__Problem description__:
Using the records below, locate all lines containing "formed" and return them.

═══ Information supplied ═══

(* Let $A\in\mathbb{R}^{m\times n}$ with $r:=\mathrm{rank}(A)$. Let $T$ be an ordered subset of $r$ elements of $\{1,\dots,n\}$ and let $\hat A:=A[:,T]$ be the $m\times r$ submatrix of $A$ formed by the columns $T$. If $\mathrm{rank}(\hat A)=r$, let $\hat H:=\hat A^+=(\hat A^\top\hat A)^{-1}\hat A^\top$, and let $H\in\mathbb{R}^{n\times m}$ be the matrix whose rows indexed by $T$ are given by $\hat H$ (in the order of $T$) and all other rows are zero. Then $H$ satisfies $AHA=A$, $HAH=H$ and $(AH)^\top=AH$; i.e., $H$ is an ah-symmetric reflexive generalized inverse of $A$.
   Context: $A[:,T]$ denotes the submatrix of $A$ formed by the columns with indices in $T$. A matrix $H$ is a generalized inverse of $A$ if $AHA=A$, reflexive if additionally $HAH=H$, and ah-symmetric if $AH$ is symmetric. *)

From mathcomp Require Import all_boot all_order all_algebra.
Set Implicit Arguments. Unset Strict Implicit. Unset Printing Implicit Defensive.
Import Order.TTheory GRing.Theory Num.Theory.
Local Open Scope ring_scope.

Definition fcr_pinv (R : realFieldType) (m r : nat) (B : 'M[R]_(m, r)) : 'M[R]_(r, m) :=
  invmx (B^T *m B) *m B^T.

(* The n x m matrix whose row t k is row k of Hh, other rows zero.
   t : 'I_r -> 'I_n is the ordered index set T (injective). *)
Definition embed_rows (R : realFieldType) (n r m : nat) (t : 'I_r -> 'I_n)
  (Hh : 'M[R]_(r, m)) : 'M[R]_(n, m) :=
  \matrix_(i < n, j < m)
    match [pick k : 'I_r | t k == i] with
    | Some k => Hh k j
    | None => 0
    end.

From mathcomp Require Import all_boot all_order all_algebra.
Set Implicit Arguments. Unset Strict Implicit. Unset Printing Implicit Defensive.
Import Order.TTheory GRing.Theory Num.Theory.
Local Open Scope ring_scope.

(* With S := colsub t 1%:M the submatrix is A[:,T] = A S and H = S A[:,T]^+.
   Equal ranks make the columns of A[:,T] span those of A, so A = A[:,T] D.
   The Gram matrix A[:,T]^T A[:,T] is invertible because w w^T = 0 forces
   w = 0 over an ordered field, so A[:,T]^+ is a left inverse of A[:,T];
   the three identities then follow by reassociating products, and
   A H = A[:,T] A[:,T]^+ is visibly symmetric. *)

Lemma mulmx_trmx_eq0 (R : realDomainType) (p m : nat) (w : 'M[R]_(p, m)) :
  (w *m w^T == 0) = (w == 0).
Proof.
apply/eqP/eqP => [wwT0 | ->]; last by rewrite mul0mx.
apply/matrixP => i j; rewrite mxE.
have /eqP := congr1 (fun M : 'M[R]_p => M i i) wwT0.
rewrite !mxE psumr_eq0 => [/allP/(_ j (mem_index_enum _))|k _].
  by rewrite mxE mulf_eq0 orbb => /eqP.
by rewrite mxE -expr2 sqr_ge0.
Qed.

Lemma gram_unitmx (R : realFieldType) (m r : nat) (B : 'M[R]_(m, r)) :
  \rank B = r -> B^T *m B \in unitmx.
Proof.
move=> rankB; rewrite -row_free_unit; apply: inj_row_free => v vBTB0.
have freeBT : row_free B^T by rewrite -row_leq_rank mxrank_tr rankB.
apply/eqP; rewrite -(mulmx_free_eq0 _ freeBT) -mulmx_trmx_eq0.
by rewrite trmx_mul trmxK mulmxA -(mulmxA v) vBTB0 mul0mx.
Qed.

Lemma fcr_pinvK (R : realFieldType) (m r : nat) (B : 'M[R]_(m, r)) :
  \rank B = r -> fcr_pinv B *m B = 1%:M.
Proof. by move=> rankB; rewrite /fcr_pinv -mulmxA mulVmx ?gram_unitmx. Qed.

Lemma trmx_mul_fcr_pinv (R : realFieldType) (m r : nat) (B : 'M[R]_(m, r)) :
  (B *m fcr_pinv B)^T = B *m fcr_pinv B.
Proof.
by rewrite /fcr_pinv !trmx_mul trmxK trmx_inv trmx_mul trmxK !mulmxA.
Qed.

Lemma embed_rowsE (R : realFieldType) (n r m : nat) (t : 'I_r -> 'I_n)
    (Hh : 'M[R]_(r, m)) :
  injective t -> embed_rows t Hh = colsub t 1%:M *m Hh.
Proof.
move=> t_inj; apply/matrixP => i j; rewrite !mxE.
case: pickP => [k /eqP tk_i | no_k]; last first.
  by rewrite big1 // => k _; rewrite !mxE eq_sym no_k mul0r.
rewrite (bigD1 k) //= !mxE tk_i eqxx mul1r big1 ?addr0 // => l l_k.
by rewrite !mxE -tk_i (inj_eq t_inj) eq_sym (negPf l_k) mul0r.
Qed.

Lemma mulmx_rank_eq_factor (F : fieldType) (m n r : nat) (A : 'M[F]_(m, n))
    (S : 'M[F]_(n, r)) :
  \rank (A *m S) = \rank A -> exists D : 'M[F]_(r, n), A = A *m S *m D.
Proof.
move=> rankAS.
have sub_ASA : ((A *m S)^T <= A^T)%MS by rewrite trmx_mul submxMl.
have /submxP[D AD] : (A^T <= (A *m S)^T)%MS.
  by rewrite -(mxrank_leqif_sup sub_ASA).2 !mxrank_tr rankAS.
by exists D^T; rewrite -[LHS]trmxK AD trmx_mul trmxK.
Qed.

Lemma reflexive_ginv_of_left_inverse (R : pzRingType) (m n r : nat)
    (A : 'M[R]_(m, n)) (S : 'M[R]_(n, r)) (D : 'M[R]_(r, n)) (L : 'M[R]_(r, m)) :
  A = A *m S *m D -> L *m (A *m S) = 1%:M ->
  A *m (S *m L) *m A = A /\ S *m L *m A *m (S *m L) = S *m L.
Proof.
move=> AD LK; split.
  by rewrite {2}AD (mulmxA A S) mulmxA -(mulmxA (A *m S)) LK mulmx1 -AD.
by rewrite -!mulmxA (mulmxA A S) (mulmxA L) LK mul1mx.
Qed.

Theorem theorem3p3 (R : realFieldType) (m n r : nat) (A : 'M[R]_(m, n))
  (t : 'I_r -> 'I_n) :
  \rank A = r ->
  injective t ->
  \rank (colsub t A) = r ->
  let H := embed_rows t (fcr_pinv (colsub t A)) in
  [/\ A *m H *m A = A, H *m A *m H = H & (A *m H)^T = A *m H].
Proof.
move=> rankA t_inj rankB H.
set S := colsub t (1%:M : 'M[R]_n); set B := colsub t A.
have AS : A *m S = B by rewrite mulmx_colsub mulmx1.
have HE : H = S *m fcr_pinv B by rewrite /H embed_rowsE.
have [D AD] : exists D, A = A *m S *m D.
  by apply: mulmx_rank_eq_factor; rewrite AS rankA rankB.
have pinvK : fcr_pinv B *m (A *m S) = 1%:M by rewrite AS fcr_pinvK.
have [AHA HAH] := reflexive_ginv_of_left_inverse AD pinvK.
by rewrite HE; split; rewrite // mulmxA AS trmx_mul_fcr_pinv.
Qed.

═══

__Task output__:
(* Let $A\in\mathbb{R}^{m\times n}$ with $r:=\mathrm{rank}(A)$. Let $T$ be an ordered subset of $r$ elements of $\{1,\dots,n\}$ and let $\hat A:=A[:,T]$ be the $m\times r$ submatrix of $A$ formed by the columns $T$. If $\mathrm{rank}(\hat A)=r$, let $\hat H:=\hat A^+=(\hat A^\top\hat A)^{-1}\hat A^\top$, and let $H\in\mathbb{R}^{n\times m}$ be the matrix whose rows indexed by $T$ are given by $\hat H$ (in the order of $T$) and all other rows are zero. Then $H$ satisfies $AHA=A$, $HAH=H$ and $(AH)^\top=AH$; i.e., $H$ is an ah-symmetric reflexive generalized inverse of $A$.
   Context: $A[:,T]$ denotes the submatrix of $A$ formed by the columns with indices in $T$. A matrix $H$ is a generalized inverse of $A$ if $AHA=A$, reflexive if additionally $HAH=H$, and ah-symmetric if $AH$ is symmetric. *)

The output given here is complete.